- **Provided material**
[Start of Attachment]

(* Let $X$ be an infinite set and let $w_1, w_2, \ldots \in \{a,b\}^+$ be such that no non-empty proper prefix of any $w_n$ is a suffix of any $w_m$ ($m,n\in\mathbb{N}$), and $w_n$ is not a subword of $w_m$ whenever $m \neq n$. Then $(w_1, w_2, \ldots)$ is a universal sequence for $X^X$.
   Context: $\{a,b\}^+$ is the free semigroup of non-empty words over $\{a,b\}$. $X^X$ is the full transformation monoid of all functions $X\to X$ under composition. A sequence $w_1, w_2, \ldots \in \{a,b\}^+$ is universal for a semigroup $T$ if for every sequence $f_1, f_2, \ldots \in T$ there is a semigroup homomorphism $\Phi: \{a,b\}^+ \to T$ with $(w_n)\Phi = f_n$ for all $n$. *)

From mathcomp Require Import all_boot.
Set Implicit Arguments. Unset Strict Implicit. Unset Printing Implicit Defensive.

(* Words over {a,b}: a = false, b = true.  {a,b}^+ = non-empty words. *)
Definition word := seq bool.

(* Full transformation monoid X^X acting on the RIGHT, as in the paper:
   the product f g means "first f, then g", i.e. x (f g) = (x f) g. *)
Definition tmul (X : Type) (f g : X -> X) : X -> X := fun x => g (f x).

(* A semigroup homomorphism Phi : {a,b}^+ -> X^X, represented as a function
   on words which is multiplicative on non-empty words. *)
Definition is_sg_hom (X : Type) (Phi : word -> (X -> X)) : Prop :=
  forall u v : word, u != [::] -> v != [::] ->
    Phi (u ++ v) = tmul (Phi u) (Phi v).

Definition universal_for_transf (X : Type) (w : nat -> word) : Prop :=
  forall f : nat -> (X -> X),
    exists Phi : word -> (X -> X), is_sg_hom Phi /\ forall n, Phi (w n) = f n.

Definition subword (u v : word) : bool := infix u v.

Definition infinite_type (X : Type) : Prop :=
  exists g : nat -> X, injective g.

From mathcomp Require Import all_boot zify.
From mathcomp Require Import boolp classical_sets.
Set Implicit Arguments. Unset Strict Implicit. Unset Printing Implicit Defensive.

(* Being infinite, X is in bijection with K * {a,b}^* for some K: take a
   maximal family of injective word-indexed sequences with disjoint ranges;
   only finitely many points escape it, and they are absorbed into one of the
   sequences.  A point (k, v) carries a pending word v.  Reading a letter
   appends it to v, and once v = v' w_m the map f_m is applied to (k, v').
   The hypotheses on the w_n ensure that while w_m is read from (k, v) the
   pending word never ends with a code word before w_m is complete, so w_m
   acts on every point as f_m. *)

Lemma eq_cat_suffix (T : eqType) (a b c d : seq T) :
  a ++ b = c ++ d -> size b <= size d -> suffix b d.
Proof.
move=> Eab le_bd; have := suffix_suffix a b.
rewrite Eab !suffixE size_cat drop_cat.
have -> : (size c + size d - size b < size c) = false by lia.
by have -> : size c + size d - size b - size c = size d - size b by lia.
Qed.

Lemma eq_cat_prefix (T : eqType) (a b c : seq T) : a ++ c = b ++ c -> a = b.
Proof.
move=> Eac; have size_ab : size a = size b.
  by have := congr1 size Eac; rewrite !size_cat; lia.
by move: (eqxx (a ++ c)); rewrite {2}Eac eqseq_cat // => /andP[/eqP].
Qed.

Section Code.
Variable w : nat -> word.
Hypothesis w_neq0 : forall n, w n != [::].
Hypothesis prefix_not_suffix : forall n m (p : word), p != [::] ->
  size p < size (w n) -> prefix p (w n) -> ~~ suffix p (w m).
Hypothesis not_infix : forall n m, m <> n -> ~~ subword (w n) (w m).

Lemma infix_code_eq m m' : infix (w m') (w m) -> m' = m.
Proof. by move=> inf; apply: contrapT => /nesym/not_infix; rewrite /subword inf. Qed.

Lemma cat_code_take_eq m m' (v v' : word) j : 0 < j <= size (w m) ->
  v' ++ w m' = v ++ take j (w m) -> [/\ m' = m, j = size (w m) & v' = v].
Proof.
move=> /andP[j_gt0 j_le] Evv'.
have size_take : size (take j (w m)) = j by rewrite size_takel.
have pre : prefix (take j (w m)) (w m) by rewrite prefixE size_take.
case: (leqP (size (w m')) j) => [le_m'j | lt_jm'].
  have suf : suffix (w m') (take j (w m)) by apply: (eq_cat_suffix Evv'); rewrite size_take.
  have Em' : m' = m by apply/infix_code_eq/(suffix_infix_trans suf)/prefixW.
  subst m'; have Ej : j = size (w m) by lia.
  by split=> //; move: Evv'; rewrite Ej take_size => /eq_cat_prefix.
have suf : suffix (take j (w m)) (w m').
  by apply: (eq_cat_suffix (esym Evv')); rewrite size_take ltnW.
case: (ltnP j (size (w m))) => [lt_jm | ge_jm].
  have ne0 : take j (w m) != [::] by rewrite -size_eq0 size_take -lt0n.
  by move: (@prefix_not_suffix m m' _ ne0); rewrite size_take suf => /(_ lt_jm pre).
have Ej : j = size (w m) by lia.
move: suf; rewrite Ej take_size => /suffixW /infix_code_eq Em.
by move: lt_jm'; rewrite -Em -Ej ltnn.
Qed.

Section Automaton.
Variables (X K : Type) (enc : K * word -> X) (dec : X -> K * word).
Hypotheses (encK : cancel enc dec) (decK : cancel dec enc).
Variable f : nat -> X -> X.

Definition read (c : bool) (x : X) : X :=
  let: (k, v) := dec x in
  match pselect (exists mv : nat * word, rcons v c = mv.2 ++ w mv.1) with
  | left ex_mv => let: (m, v') := proj1_sig (cid ex_mv) in f m (enc (k, v'))
  | right _ => enc (k, rcons v c)
  end.

Definition act (u : word) (x : X) : X := foldl (fun y c => read c y) x u.

Lemma act_hom : is_sg_hom act.
Proof. by move=> u v _ _; apply: funext => x; rewrite /act foldl_cat. Qed.

Lemma act_rcons u c x : act (rcons u c) x = read c (act u x).
Proof. by rewrite /act foldl_rcons. Qed.

Lemma act_take m k v i : i <= size (w m) ->
  act (take i (w m)) (enc (k, v)) =
  if i == size (w m) then f m (enc (k, v)) else enc (k, v ++ take i (w m)).
Proof.
elim: i => [|i IHi] lt_im.
  by rewrite take0 cats0 eq_sym size_eq0 (negbTE (w_neq0 m)).
rewrite (take_nth false lt_im) act_rcons IHi ?(ltnW lt_im) // (ltn_eqF lt_im).
rewrite /read encK rcons_cat -(take_nth false lt_im).
case: pselect => [ex_mv | no_mv].
  case: cid => -[m' v'] /= /esym/cat_code_take_eq [|-> -> ->] //.
  by rewrite eqxx.
case: eqP => // Ei; case: no_mv; exists (m, v).
by rewrite /= Ei take_size.
Qed.

Lemma act_code m x : act (w m) x = f m x.
Proof.
rewrite -[x]decK; case: (dec x) => k v.
by have := act_take k v (leqnn (size (w m))); rewrite take_size eqxx.
Qed.

End Automaton.
End Code.

Section InjectiveOrFinite.
Variables (T : eqType) (P : T -> Prop).

Definition fresh (l : seq T) : option T :=
  match pselect (exists x, P x /\ x \notin l) with
  | left ex_x => Some (proj1_sig (cid ex_x))
  | right _ => None
  end.

Lemma freshP l :
  if fresh l is Some x then P x /\ x \notin l else forall x, P x -> x \in l.
Proof.
rewrite /fresh; case: pselect => [ex_x | no_x]; first by case: cid.
by move=> x Px; apply: contrapT => /negP xNl; apply: no_x; exists x.
Qed.

Fixpoint greedy n : seq T :=
  if n is n'.+1 then
    if fresh (greedy n') is Some x then rcons (greedy n') x else greedy n'
  else [::].

Lemma greedy_uniq n : uniq (greedy n) /\ {in greedy n, forall x, P x}.
Proof.
elim: n => [//|n [uniq_n P_n] /=].
have := freshP (greedy n); case: fresh => [x [Px xNl] | _] //.
by rewrite rcons_uniq xNl uniq_n; split=> // y; rewrite mem_rcons inE => /predU1P[->|/P_n].
Qed.

Lemma greedy_subset m n : m <= n -> {subset greedy m <= greedy n}.
Proof.
elim: n => [|n IHn]; first by rewrite leqn0 => /eqP->.
rewrite leq_eqVlt => /predU1P[-> //|/IHn sub_mn x /sub_mn] /=.
by case: fresh => // y; rewrite mem_rcons inE => ->; rewrite orbT.
Qed.

Lemma injective_or_finite :
  (exists h : nat -> T, injective h /\ forall n, P (h n)) \/
  exists s : seq T, uniq s /\ forall x, P x <-> x \in s.
Proof.
case: (pselect (exists n, fresh (greedy n) = None)) => [[n fresh_n] | all_fresh].
  right; exists (greedy n); have [uniq_n P_n] := greedy_uniq n.
  by split=> // x; split=> [|/P_n //]; have := freshP (greedy n); rewrite fresh_n => /[apply].
have fresh_some n : exists x, fresh (greedy n) = Some x.
  by case E: fresh => [x|]; [exists x | case: all_fresh; exists n].
have [x0 _] := fresh_some 0.
pose h n := odflt x0 (fresh (greedy n)).
have h_fresh n : [/\ P (h n), h n \notin greedy n & h n \in greedy n.+1].
  have := freshP (greedy n); rewrite /h /=; have [x ->] := fresh_some n.
  by move=> [Px xN]; split=> //; rewrite mem_rcons mem_head.
left; exists h; split=> [i j Eij | n]; last by case: (h_fresh n).
have sep a b : a < b -> h a != h b.
  have [_ hbN _] := h_fresh b; have [_ _ haS] := h_fresh a.
  by move=> lt_ab; apply: contraNneq hbN => <-; exact: greedy_subset lt_ab _ haS.
by case: (ltngtP i j) => // /sep; rewrite Eij eqxx.
Qed.

End InjectiveOrFinite.

Lemma all_negb_nseq (u : word) : all negb u -> u = nseq (size u) false.
Proof. by elim: u => [//|[] u IHu] //= /IHu <-. Qed.

Section Absorb.
Variables (T : eqType) (s0 : word -> T) (s : seq T).
Hypotheses (s0_inj : injective s0) (uniq_s : uniq s) (s0_notin : forall u, s0 u \notin s).

(* Hilbert's hotel: the words [nseq k false] make room for the finitely many
   points of [s] in front of the range of [s0]. *)
Definition absorb_zeros (k : nat) : T :=
  if k < size s then nth (s0 [::]) s k else s0 (nseq (k - size s) false).

Definition absorb (u : word) : T :=
  if all negb u then absorb_zeros (size u) else s0 u.

Lemma absorb_zeros_inj : injective absorb_zeros.
Proof.
move=> k l; rewrite /absorb_zeros.
case: (ltnP k (size s)) => lt_ks; case: (ltnP l (size s)) => lt_ls.
- by move/eqP; rewrite nth_uniq // => /eqP.
- by move=> E; move: (s0_notin (nseq (l - size s) false)); rewrite -E mem_nth.
- by move=> E; move: (s0_notin (nseq (k - size s) false)); rewrite E mem_nth.
- by move=> /s0_inj /(congr1 size); rewrite !size_nseq; lia.
Qed.

Lemma absorb_zeros_s0 k u : absorb_zeros k = s0 u -> all negb u.
Proof.
rewrite /absorb_zeros; case: ltnP => [lt_ks E | _ /s0_inj <-].
  by move: (s0_notin u); rewrite -E mem_nth.
by rewrite all_nseq orbT.
Qed.

Lemma absorb_inj : injective absorb.
Proof.
move=> u v; rewrite /absorb.
case Zu: (all negb u); case Zv: (all negb v).
- by move=> /absorb_zeros_inj Esize; rewrite (all_negb_nseq Zu) (all_negb_nseq Zv) Esize.
- by move=> /absorb_zeros_s0; rewrite Zv.
- by move=> /esym /absorb_zeros_s0; rewrite Zu.
- exact: s0_inj.
Qed.

Lemma absorb_range y : (exists u, absorb u = y) <-> (exists u, s0 u = y) \/ y \in s.
Proof.
split=> [[u <-] | [[u <-] | y_s]].
- rewrite /absorb /absorb_zeros; case: (all negb u); last by left; exists u.
  by case: ltnP => [lt_us | _]; [right; rewrite mem_nth | left; eexists].
- case Zu: (all negb u); last by exists u; rewrite /absorb Zu.
  exists (nseq (size u + size s) false).
  rewrite /absorb /absorb_zeros all_nseq orbT size_nseq ltnNge leq_addl /=.
  by rewrite addnK -all_negb_nseq.
- exists (nseq (index y s) false).
  by rewrite /absorb /absorb_zeros all_nseq orbT size_nseq index_mem y_s nth_index.
Qed.

End Absorb.

Section Decomposition.
Local Open Scope classical_set_scope.
Variable T : Type.

Definition disjoint_injective (F : set (word -> T)) : Prop :=
  forall s, F s -> injective s /\ forall s' u u', F s' -> s u = s' u' -> s = s'.

Definition covered (F : set (word -> T)) (x : T) : Prop :=
  exists2 s, F s & exists u, s u = x.

Lemma disjoint_injective_maximal : exists F,
  disjoint_injective F /\ forall G, F `<` G -> ~ disjoint_injective G.
Proof.
apply: Zorn_bigcup => Fs Fs_disj Fs_total s [F1 Fs_F1 F1s]; split.
  by case: (Fs_disj _ Fs_F1 _ F1s).
move=> s' u u' [F2 Fs_F2 F2s'] E.
case: (Fs_total _ _ Fs_F1 Fs_F2) => sub.
- by case: (Fs_disj _ Fs_F2 s (sub _ F1s)) => _ /(_ s' u u' F2s' E).
- by case: (Fs_disj _ Fs_F1 s F1s) => _ /(_ s' u u' (sub _ F2s') E).
Qed.

(* An injective sequence of uncovered points, reindexed by words through
   [pickle], could be added to a maximal family. *)
Lemma maximal_uncovered_finite F :
  disjoint_injective F -> (forall G, F `<` G -> ~ disjoint_injective G) ->
  ~ exists h : nat -> T, injective h /\ forall n, ~ covered F (h n).
Proof.
move=> F_disj F_max [h [h_inj h_unc]].
pose s_new (u : word) := h (pickle u).
have new_apart s u u' : F s -> s u <> s_new u'.
  by move=> Fs E; apply: (h_unc (pickle u')); exists s => //; exists u.
apply: (F_max (F `|` [set s_new])).
  split=> [s Fs|]; first by left.
  by move=> /(_ s_new (or_intror erefl)) Fnew; apply: (@new_apart s_new [::] [::] Fnew).
move=> s [Fs | ->].
  have [s_inj s_disj] := F_disj s Fs; split=> // s' u u' [Fs' | ->] E.
  - exact: s_disj E.
  - by case: (@new_apart s u u' Fs E).
split=> [u u' /h_inj /(pcan_inj pickleK) // | s' u u' [Fs' | ->] E //].
by case: (@new_apart s' u' u Fs' (esym E)).
Qed.

Lemma covering_family_decomposition F :
  disjoint_injective F -> (forall x, covered F x) ->
  exists (enc : {s | F s} * word -> T) (dec : T -> {s | F s} * word),
    cancel enc dec /\ cancel dec enc.
Proof.
move=> F_disj F_cover.
pose enc (p : {s | F s} * word) := sval p.1 p.2.
have enc_inj : injective enc.
  move=> [[s Fs] u] [[s' Fs'] u']; rewrite /enc /= => E.
  have [s_inj /(_ s' u u' Fs' E) Es] := F_disj s Fs; subst s'.
  by move/s_inj: E => ->; rewrite (Prop_irrelevance Fs Fs').
have enc_surj x : exists p, enc p = x.
  by have [s Fs [u <-]] := F_cover x; exists (exist _ s Fs, u).
exists enc, (fun x => sval (cid (enc_surj x))).
have decK : cancel (fun x => sval (cid (enc_surj x))) enc by move=> x; case: cid.
by split=> // p; apply: enc_inj; rewrite decK.
Qed.

Lemma absorb_uncovered F s0 (s : seq {classic T}) :
  disjoint_injective F -> F s0 -> uniq s -> (forall x, ~ covered F x <-> x \in s) ->
  exists G, disjoint_injective G /\ forall x, covered G x.
Proof.
move=> F_disj Fs0 uniq_s unc_s; have [s0_inj s0_disj] := F_disj s0 Fs0.
have s0_notin u : s0 u \notin s.
  by apply/negP => /unc_s; apply; exists s0 => //; exists u.
pose t := @absorb {classic T} s0 s.
have t_inj : injective t := @absorb_inj {classic T} s0 s s0_inj uniq_s s0_notin.
have t_range : forall y, (exists u, t u = y) <-> (exists u, s0 u = y) \/ y \in s :=
  @absorb_range {classic T} s0 s.
have t_apart s' u u' : F s' -> s' <> s0 -> t u <> s' u'.
  move=> Fs' ne_s'0 E.
  have [[v Ev] | t_s] := (t_range (t u)).1 (ex_intro _ u erefl).
    by apply: ne_s'0; apply: esym; apply: (s0_disj s' v u' Fs'); rewrite Ev.
  by move/unc_s: t_s; apply; exists s' => //; exists u'.
exists ([set s' | F s' /\ s' <> s0] `|` [set t]); split.
  move=> s1 [[F1 ne1] | ->].
    have [s1_inj s1_disj] := F_disj s1 F1; split=> // s2 u u' [[F2 _] | ->] E.
    - exact: s1_disj E.
    - by case: (t_apart _ u' u F1 ne1 (esym E)).
  split=> [|s2 u u' [[F2 ne2] | ->] E //]; first exact: t_inj.
  by case: (t_apart _ u u' F2 ne2 E).
move=> x; case: (pselect (covered F x)) => [[s1 F1 [u <-]] | x_unc].
  case: (pselect (s1 = s0)) => [-> | ne1]; last by exists s1; [left | exists u].
  have [v tv] := (t_range (s0 u)).2 (or_introl (ex_intro _ u erefl)).
  by exists t; [right | exists v].
have [v tv] := (t_range x).2 (or_intror ((unc_s x).1 x_unc)).
by exists t; [right | exists v].
Qed.

Lemma word_product_decomposition : infinite_type T ->
  exists (K : Type) (enc : K * word -> T) (dec : T -> K * word),
    cancel enc dec /\ cancel dec enc.
Proof.
move=> [g g_inj].
have [F [F_disj F_max]] := disjoint_injective_maximal.
have no_seq := maximal_uncovered_finite F_disj F_max.
have [s0 Fs0] : exists s0, F s0.
  apply: contrapT => noF; apply: no_seq; exists g; split=> // n [s Fs].
  by case: noF; exists s.
have [[h [h_inj h_unc]] | [s [uniq_s unc_s]]] :=
  @injective_or_finite {classic T} (fun x => ~ covered F x).
  by case: no_seq; exists h.
have [G [G_disj G_cover]] := absorb_uncovered F_disj Fs0 uniq_s unc_s.
by exists {s' | G s'}; apply: covering_family_decomposition.
Qed.

End Decomposition.

Theorem corollary3p3 (X : Type) (HX : infinite_type X) (w : nat -> word) :
  (forall n, w n != [::]) ->
  (forall n m (p : word), p != [::] -> size p < size (w n) ->
      prefix p (w n) -> ~~ suffix p (w m)) ->
  (forall n m, m <> n -> ~~ subword (w n) (w m)) ->
  universal_for_transf X w.
Proof.
move=> w_neq0 prefix_not_suffix not_infix f.
have [K [enc [dec [encK decK]]]] := word_product_decomposition HX.
exists (act w enc dec f); split; first exact: act_hom.
by move=> n; apply: funext => x; apply: act_code.
Qed.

[End of Attachment]

Copy out, exactly and alone, the lines of the entries above between the ones holding "Lemma act_rcons u" and "rewrite leq_eqVlt =>", inclusive.

- **Response to this task**
Lemma act_rcons u c x : act (rcons u c) x = read c (act u x).
Proof. by rewrite /act foldl_rcons. Qed.

Lemma act_take m k v i : i <= size (w m) ->
  act (take i (w m)) (enc (k, v)) =
  if i == size (w m) then f m (enc (k, v)) else enc (k, v ++ take i (w m)).
Proof.
elim: i => [|i IHi] lt_im.
  by rewrite take0 cats0 eq_sym size_eq0 (negbTE (w_neq0 m)).
rewrite (take_nth false lt_im) act_rcons IHi ?(ltnW lt_im) // (ltn_eqF lt_im).
rewrite /read encK rcons_cat -(take_nth false lt_im).
case: pselect => [ex_mv | no_mv].
  case: cid => -[m' v'] /= /esym/cat_code_take_eq [|-> -> ->] //.
  by rewrite eqxx.
case: eqP => // Ei; case: no_mv; exists (m, v).
by rewrite /= Ei take_size.
Qed.

Lemma act_code m x : act (w m) x = f m x.
Proof.
rewrite -[x]decK; case: (dec x) => k v.
by have := act_take k v (leqnn (size (w m))); rewrite take_size eqxx.
Qed.

End Automaton.
End Code.

Section InjectiveOrFinite.
Variables (T : eqType) (P : T -> Prop).

Definition fresh (l : seq T) : option T :=
  match pselect (exists x, P x /\ x \notin l) with
  | left ex_x => Some (proj1_sig (cid ex_x))
  | right _ => None
  end.

Lemma freshP l :
  if fresh l is Some x then P x /\ x \notin l else forall x, P x -> x \in l.
Proof.
rewrite /fresh; case: pselect => [ex_x | no_x]; first by case: cid.
by move=> x Px; apply: contrapT => /negP xNl; apply: no_x; exists x.
Qed.

Fixpoint greedy n : seq T :=
  if n is n'.+1 then
    if fresh (greedy n') is Some x then rcons (greedy n') x else greedy n'
  else [::].

Lemma greedy_uniq n : uniq (greedy n) /\ {in greedy n, forall x, P x}.
Proof.
elim: n => [//|n [uniq_n P_n] /=].
have := freshP (greedy n); case: fresh => [x [Px xNl] | _] //.
by rewrite rcons_uniq xNl uniq_n; split=> // y; rewrite mem_rcons inE => /predU1P[->|/P_n].
Qed.

Lemma greedy_subset m n : m <= n -> {subset greedy m <= greedy n}.
Proof.
elim: n => [|n IHn]; first by rewrite leqn0 => /eqP->.
rewrite leq_eqVlt => /predU1P[-> //|/IHn sub_mn x /sub_mn] /=.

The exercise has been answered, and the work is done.